Но ничуть не лучше и не умнее вели себя мы, когда настигла нас беда неизживаемая - у мамы обнаружился рак легких. Она пролежала больше месяца дома, потом, на этот раз уже поняв, что «для этого и существуют больницы» (слова брата), я согласился, и ее забрали в больницу «сануправления».
22 мая 1979 года ранним прохладно-солнечным утром я возвращался из больницы домой по просыпающимся улицам Минска, а в морге осталась моя мама. Белая-белая простыня, а под нею то, что случилось - с нею, с нами. Странно, что под той простыней как бы никого не было - так плоско она лежала.
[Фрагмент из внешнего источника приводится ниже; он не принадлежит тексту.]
From HB Require Import structures.
From mathcomp Require Import all_boot all_order all_algebra.
From mathcomp Require Import fraction ring.
Import Order.TTheory GRing.Theory Num.Theory.
Set Implicit Arguments.
Unset Strict Implicit.
Local Open Scope ring_scope.

(* Let W_x(m) be the sum of q^(rk e_1 + ... + rk e_m) over the multichains
   e_1 <= ... <= e_m <= x. Splitting off e_m = y gives
   W_x(m+1) = sum_(y <= x) q^(rk y) W_y(m) and W_x(0) = 1.  By induction along
   < we build polynomials E_x(t) = sum_j G x j * t^j of degree rk x
   ([lower_zeta], with coefficients [lower_zeta_coef]) such that
   E_x(q t) = sum_(y <= x) q^(rk y) E_y(t) and E_x(1) = [x == bot]:
   comparing coefficients of t^j gives (q^j - q^(rk x)) G x j =
   sum_(y < x) q^(rk y) G y j, which determines G x j for j <> rk x, and
   E_x(1) then fixes G x (rk x).  It follows that E_x(q^(m+1)) = W_x(m), so,
   as 1 + (q - 1)[n]_q = q^n, the q-Zeta polynomial is E_top(1 + (q - 1) X).
   The only denominators are 1 - q^(rk x - j), which do not vanish at q = 0,
   and at q = 0 the recursion for G becomes Moebius inversion: G x j tends to
   the sum of mu(bot, p) over the p <= x of rank j.  Hence
   Z|_(q=0)(1 - y) = sum_p mu(bot, p) y^(rk p) = y^H X_P(1/y). *)

Lemma tofracQ_neq0 (b : {poly rat}) : b.[0] != 0 -> tofracQ b != 0.
Proof. by move=> b0; rewrite tofrac_eq0; apply: contraNneq b0 => ->; rewrite horner0. Qed.

Lemma value_at_q0_poly (a : {poly rat}) : value_at_q0 (tofracQ a) a.[0].
Proof. by exists a, 1; rewrite hornerC oner_neq0 /tofracQ tofrac1 !divr1. Qed.

Lemma value_at_q0_nat (n : nat) : value_at_q0 n%:R n%:R.
Proof. by have := value_at_q0_poly n%:R; rewrite /tofracQ rmorph_nat hornerMn hornerC. Qed.

Lemma value_at_q0D {c v c' v'} :
  value_at_q0 c v -> value_at_q0 c' v' -> value_at_q0 (c + c') (v + v').
Proof.
move=> [a [b [b0 [-> ->]]]] [a' [b' [b0' [-> ->]]]].
exists (a * b' + a' * b), (b * b'); rewrite hornerM mulf_neq0 //.
by rewrite !addf_div ?tofracQ_neq0 // hornerD !hornerM /tofracQ rmorphD !rmorphM.
Qed.

Lemma value_at_q0N {c v} : value_at_q0 c v -> value_at_q0 (- c) (- v).
Proof.
by move=> [a [b [b0 [-> ->]]]]; exists (- a), b; rewrite hornerN /tofracQ rmorphN !mulNr.
Qed.

Lemma value_at_q0M {c v c' v'} :
  value_at_q0 c v -> value_at_q0 c' v' -> value_at_q0 (c * c') (v * v').
Proof.
move=> [a [b [b0 [-> ->]]]] [a' [b' [b0' [-> ->]]]].
exists (a * a'), (b * b'); rewrite !hornerM mulf_neq0 //.
by rewrite !mulf_div /tofracQ !rmorphM.
Qed.

Lemma value_at_q0V {c v} : value_at_q0 c v -> v != 0 -> value_at_q0 c^-1 v^-1.
Proof.
move=> [a [b [b0 [-> ->]]]] v0; exists b, a; rewrite !invf_div.
by split=> //; apply: contraNneq v0 => ->; rewrite mul0r.
Qed.

Lemma value_at_q0_sum (I : Type) (r : seq I) (Pr : pred I) F G :
  (forall i, Pr i -> value_at_q0 (F i) (G i)) ->
  value_at_q0 (\sum_(i <- r | Pr i) F i) (\sum_(i <- r | Pr i) G i).
Proof. exact: (big_ind2 _ (value_at_q0_nat 0) (@value_at_q0D)). Qed.

Lemma value_at_q0_qvar : value_at_q0 qvar 0.
Proof. by have := value_at_q0_poly 'X; rewrite hornerX. Qed.

Lemma value_at_q0_qvarX k : value_at_q0 (qvar ^+ k) (k == 0)%:R.
Proof. by have := value_at_q0_poly 'X^k; rewrite /tofracQ tofracXn hornerXn expr0n. Qed.

Lemma value_at_q0_inv_1subqX k :
  (0 < k)%N -> value_at_q0 (1 - qvar ^+ k)^-1 1.
Proof.
move=> k_gt0; rewrite -[X in value_at_q0 _ X]invr1; apply: value_at_q0V (oner_neq0 _).
have := value_at_q0D (value_at_q0_nat 1) (value_at_q0N (value_at_q0_qvarX k)).
by rewrite eqn0Ngt k_gt0 mulr0n subr0.
Qed.

Definition poly_value_at_q0 (p : {poly Qq}) (p0 : {poly rat}) : Prop :=
  forall i, value_at_q0 p`_i p0`_i.

Lemma poly_value_at_q0_1 : poly_value_at_q0 1 1.
Proof. by move=> i; rewrite !coef1; apply: value_at_q0_nat. Qed.

Lemma poly_value_at_q0_X : poly_value_at_q0 'X 'X.
Proof. by move=> i; rewrite !coefX; apply: value_at_q0_nat. Qed.

Lemma poly_value_at_q0Z c v p p0 :
  value_at_q0 c v -> poly_value_at_q0 p p0 -> poly_value_at_q0 (c *: p) (v *: p0).
Proof. by move=> cv pp0 i; rewrite !coefZ; apply: value_at_q0M. Qed.

Lemma poly_value_at_q0D p p0 p' p0' :
  poly_value_at_q0 p p0 -> poly_value_at_q0 p' p0' ->
  poly_value_at_q0 (p + p') (p0 + p0').
Proof. by move=> pp0 pp0' i; rewrite !coefD; apply: value_at_q0D. Qed.

Lemma poly_value_at_q0M p p0 p' p0' :
  poly_value_at_q0 p p0 -> poly_value_at_q0 p' p0' ->
  poly_value_at_q0 (p * p') (p0 * p0').
Proof.
by move=> pp0 pp0' i; rewrite !coefM; apply: value_at_q0_sum => k _; apply: value_at_q0M.
Qed.

Lemma poly_value_at_q0X n p p0 :
  poly_value_at_q0 p p0 -> poly_value_at_q0 (p ^+ n) (p0 ^+ n).
Proof.
move=> pp0; elim: n => [|n IHn]; first by rewrite !expr0; apply: poly_value_at_q0_1.
by rewrite !exprS; apply: poly_value_at_q0M.
Qed.

Lemma poly_value_at_q0_sum (I : Type) (r : seq I) F G :
  (forall i, poly_value_at_q0 (F i) (G i)) ->
  poly_value_at_q0 (\sum_(i <- r) F i) (\sum_(i <- r) G i).
Proof.
move=> FG; apply: (big_ind2 _ _ (@poly_value_at_q0D)) => // i.
by rewrite !coef0; apply: (value_at_q0_nat 0).
Qed.

Lemma qvarX_inj : injective (fun k => qvar ^+ k).
Proof.
move=> m n /eqP; rewrite /qvar /tofracQ -!tofracXn tofrac_eq => /eqP.
by move/(congr1 (size : {poly rat} -> nat)); rewrite !size_polyXn => -[].
Qed.

Lemma qvarX_eq1 k : (qvar ^+ k == 1) = (k == 0%N).
Proof. by rewrite -(expr0 qvar) (inj_eq qvarX_inj). Qed.

Lemma qvar_sub1_neq0 : qvar - 1 != 0.
Proof. by rewrite subr_eq0 -[qvar]expr1 qvarX_eq1. Qed.

Lemma qintK n : 1 + (qvar - 1) * qint n = qvar ^+ n.
Proof. by rewrite /qint mulrC divfK ?qvar_sub1_neq0 // addrC subrK. Qed.

Lemma qint_inj : injective qint.
Proof.
by move=> m n /(congr1 (fun t => 1 + (qvar - 1) * t)); rewrite !qintK => /qvarX_inj.
Qed.

Lemma is_qZeta_unique d (P : finPOrderType d) (h : P -> nat) (Z Z' : {poly Qq}) :
  is_qZeta h Z -> is_qZeta h Z' -> Z = Z'.
Proof.
move=> hZ hZ'; apply/eqP; rewrite -subr_eq0; apply: contraT => nz_ZZ'.
pose roots := [seq qint i.+2 | i <- iota 0 (size (Z - Z'))].
have roots_uniq : uniq roots.
  by rewrite map_inj_uniq ?iota_uniq // => i j /qint_inj [].
have all_roots : all (root (Z - Z')) roots.
  by apply/allP => _ /mapP[i _ ->]; rewrite /root !hornerE hZ // hZ' // subrr.
by have := max_poly_roots nz_ZZ' all_roots roots_uniq; rewrite size_map size_iota ltnn.
Qed.

Section FinitePoset.
Variables (d : Order.disp_t) (P : finPOrderType d).

Definition down_card (x : P) : nat := #|[set y | (y <= x)%O]|.

Lemma down_card_lt {x y : P} : (x < y)%O -> (down_card x < down_card y)%N.
Proof.
move=> lt_xy; apply/proper_card/properP; split.
  by apply/subsetP => z; rewrite !inE => /le_trans; apply; apply: ltW.
by exists y; rewrite !inE ?lexx ?(lt_geF lt_xy).
Qed.

Lemma exists_cover (x y : P) : (x < y)%O -> exists2 w, (x <= w)%O & covers w y.
Proof.
move=> lt_xy; have x_in : (x <= x < y)%O by rewrite lexx.
have [w /andP[le_xw lt_wy] w_max] :=
  @arg_maxnP _ x (fun w => (x <= w < y)%O) down_card x_in.
exists w => //; rewrite /covers lt_wy; apply/forallP => z; apply/negP => /andP[lt_wz lt_zy].
have /= := w_max z; rewrite (le_trans le_xw (ltW lt_wz)) lt_zy leqNgt.
by rewrite (down_card_lt lt_wz) => /(_ isT).
Qed.

Lemma lt_ind (Q : P -> Prop) :
  (forall x, (forall y, (y < x)%O -> Q y) -> Q x) -> forall x, Q x.
Proof.
move=> IH x; have [n] := ubnP (down_card x); elim: n x => // n IHn x lt_xn.
apply: IH => y lt_yx; apply: IHn.
by apply: leq_trans (down_card_lt lt_yx) _; rewrite -ltnS.
Qed.

Section Recursion.
Variables (I B : Type) (F : (P -> I -> B) -> P -> I -> B) (g : nat -> P -> I -> B).
Hypothesis F_local : forall f f' x,
  (forall y, (y < x)%O -> f y =1 f' y) -> F f x =1 F f' x.
Hypothesis gS : forall n x, g n.+1 x =1 F (g n) x.

Lemma lt_rec_stable x n : (down_card x <= n)%N -> g n x =1 g n.+1 x.
Proof.
elim/lt_ind: x n => x IHx [|n] le_xn i.
  by move: le_xn; rewrite leqn0 /down_card (cardD1 x) inE lexx.
rewrite !gS; apply: F_local => y lt_yx; apply: IHx => //.
by rewrite -ltnS (leq_trans (down_card_lt lt_yx)).
Qed.

Lemma lt_rec_fixpoint x : g #|P| x =1 F (g #|P|) x.
Proof. by move=> i; rewrite lt_rec_stable ?max_card ?gS. Qed.

End Recursion.

Lemma mobiusE (x y : P) :
  mobius x y = if x == y then 1 else if (x < y)%O
    then - \sum_(z | (x <= z)%O && (z < y)%O) mobius x z else 0.
Proof.
pose F f y (x : P) := if x == y then 1 else if (x < y)%O
  then - \sum_(z | (x <= z)%O && (z < y)%O) f z x else 0 : int.
apply: (@lt_rec_fixpoint _ _ F (fun n y x => mobius_fuel n x y)) => // f f' {}y ff' z.
rewrite /F; case: eqP => //; case: ifP => // _ _; congr (- _).
by apply: eq_bigr => w /andP[_ /ff']; apply.
Qed.

Lemma mobius_sum (x y : P) : (x <= y)%O ->
  \sum_(z | (x <= z)%O && (z <= y)%O) mobius x z = (x == y)%:R.
Proof.
rewrite le_eqVlt => /predU1P[-> | lt_xy].
  rewrite (big_pred1 y) ?mobiusE ?eqxx // => z.
  by rewrite -eq_le eq_sym.
rewrite (bigD1 y) ?lexx ?ltW //= mobiusE (lt_eqF lt_xy) lt_xy addrC.
rewrite (eq_bigl (fun z => (x <= z < y)%O)) ?subrr // => z.
by rewrite lt_neqAle -andbA [(z <= y)%O && _]andbC.
Qed.

End FinitePoset.

Section FfunRcons.
Variable T : Type.

Definition ffun_rcons m (e : {ffun 'I_m -> T}) (y : T) : {ffun 'I_m.+1 -> T} :=
  [ffun i => if unlift ord_max i is Some j then e j else y].

Lemma ffun_rcons_lift m (e : {ffun 'I_m -> T}) y i :
  ffun_rcons e y (lift ord_max i) = e i.
Proof. by rewrite ffunE liftK. Qed.

Lemma ffun_rcons_max m (e : {ffun 'I_m -> T}) y : ffun_rcons e y ord_max = y.
Proof. by rewrite ffunE unlift_none. Qed.

Lemma ffun_rcons_bij m :
  bijective (fun p : T * {ffun 'I_m -> T} => ffun_rcons p.2 p.1).
Proof.
exists (fun e : {ffun 'I_m.+1 -> T} => (e ord_max, [ffun i => e (lift ord_max i)])).
  case=> y e /=; rewrite ffun_rcons_max; congr (_, _).
  by apply/ffunP => i; rewrite ffunE ffun_rcons_lift.
move=> e; apply/ffunP => i /=.
by case: (unliftP ord_max i) => [j|] ->; rewrite ?ffun_rcons_lift ?ffun_rcons_max ?ffunE.
Qed.

Lemma forall_ffun_rcons m (e : {ffun 'I_m -> T}) y (Q : pred T) :
  [forall i, Q (ffun_rcons e y i)] = [forall i, Q (e i)] && Q y.
Proof.
apply/forallP/andP => [Qey | [/forallP Qe Qy] i].
  split; last by rewrite -(ffun_rcons_max e y).
  by apply/forallP => i; rewrite -(ffun_rcons_lift e y).
by case: (unliftP ord_max i) => [j|] ->; rewrite ?ffun_rcons_lift ?ffun_rcons_max.
Qed.

End FfunRcons.

Section Multichains.
Variables (d : Order.disp_t) (T : porderType d).

Lemma multichainP m (e : {ffun 'I_m -> T}) :
  reflect (forall i j : 'I_m, (i <= j)%N -> (e i <= e j)%O) (multichain e).
Proof.
apply: (iffP forallP) => [mc i j | mc i]; first exact/implyP/(forallP (mc i)).
by apply/forallP => j; apply/implyP/mc.
Qed.

Lemma multichain_rcons m (e : {ffun 'I_m -> T}) y :
  multichain (ffun_rcons e y) = multichain e && [forall i, (e i <= y)%O].
Proof.
apply/multichainP/andP => [mc | [/multichainP mc /forallP le_ey] i j].
  split; last first.
    apply/forallP => i; have := mc (lift ord_max i) ord_max.
    by rewrite ffun_rcons_lift ffun_rcons_max lift_max; apply; apply: ltnW.
  apply/multichainP => i j le_ij; rewrite -!(ffun_rcons_lift e y).
  by apply: mc; rewrite !lift_max.
case: (unliftP ord_max j) => [j' ->|->]; last first.
  by case: (unliftP ord_max i) => [i' ->|->] _; rewrite ?ffun_rcons_lift ffun_rcons_max.
case: (unliftP ord_max i) => [i' ->|->]; last by rewrite lift_max leqNgt ltn_ord.
by rewrite !ffun_rcons_lift !lift_max; apply: mc.
Qed.

End Multichains.

Lemma div_subr1_fixpoint (F : fieldType) (c s : F) :
  1 - c != 0 -> s / (1 - c) = c * (s / (1 - c)) + s.
Proof. by move=> ?; field. Qed.

Section GradedPoset.
Variables (d : Order.disp_t) (P : finTBPOrderType d) (rk : P -> nat).
Hypothesis rk_rank : is_rank_function rk.

Lemma rk_bot : rk \bot%O = 0%N.
Proof. by case: rk_rank. Qed.

Lemma rk_cover (x y : P) : covers x y -> rk y = (rk x).+1.
Proof. by case: rk_rank => _; apply. Qed.

Lemma rk_lt (x y : P) : (x < y)%O -> (rk x < rk y)%N.
Proof.
elim/lt_ind: y x => y IHy x lt_xy.
have [w le_xw cov_wy] := exists_cover lt_xy.
rewrite (rk_cover cov_wy) ltnS; case: (eqVneq x w) => [-> // | ne_xw].
by apply/ltnW/IHy; [case/andP: cov_wy | rewrite lt_neqAle ne_xw].
Qed.

Lemma rk_le (x y : P) : (x <= y)%O -> (rk x <= rk y)%N.
Proof. by rewrite le_eqVlt => /predU1P[-> // | /rk_lt/ltnW]. Qed.

Lemma rk_le_top (x : P) : (rk x <= rk \top%O)%N.
Proof. exact/rk_le/lex1. Qed.

Definition mobius_rank_poly (x : P) : {poly rat} :=
  \sum_(p | (p <= x)%O) (mobius \bot%O p)%:~R *: 'X^(rk p).

Local Notation V := mobius_rank_poly.

Lemma coef_mobius_rank_poly x j : (V x)`_j =
  \sum_(p | (p <= x)%O) (rk p == j)%:R * (mobius \bot%O p)%:~R.
Proof. by rewrite coef_sum; apply: eq_bigr => p _; rewrite coefZ coefXn mulrC eq_sym. Qed.

Lemma coef_mobius_rank_poly_gt x j : (rk x < j)%N -> (V x)`_j = 0.
Proof.
move=> lt_xj; rewrite coef_mobius_rank_poly big1 // => p le_px.
by rewrite ltn_eqF ?mul0r // (leq_ltn_trans (rk_le le_px)).
Qed.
А уж похороны, поминки - это было подтверждение ее жизни. Несли ее племянники (всех почти она так или иначе направляла в жизнь), партизаны наши. А возле «подпольной» аптеки вдруг сбежались все партизаны (их было человек 15) к гробу и подняли гроб ее на вытянутых руках. А кто им сказал, подсказал, потом не могли вспомнить.
«Огненные деревни»
Предисловие
Белорусских деревень, где каратели убивали людей, - 4885. По далеко не полным подсчетам более 300 000 тысяч мирных жителей было сожжено живьем, убито, замучено в тех деревнях. Полностью, со всеми жителями, уничтожено 627 деревень. Осуществлялся «Генеральный план “Ост”». «Если у меня спросят, - вещал фюрер, - что я подразумеваю, говоря об уничтожении населения, я отвечу, что имею в виду уничтожение целых расовых единиц».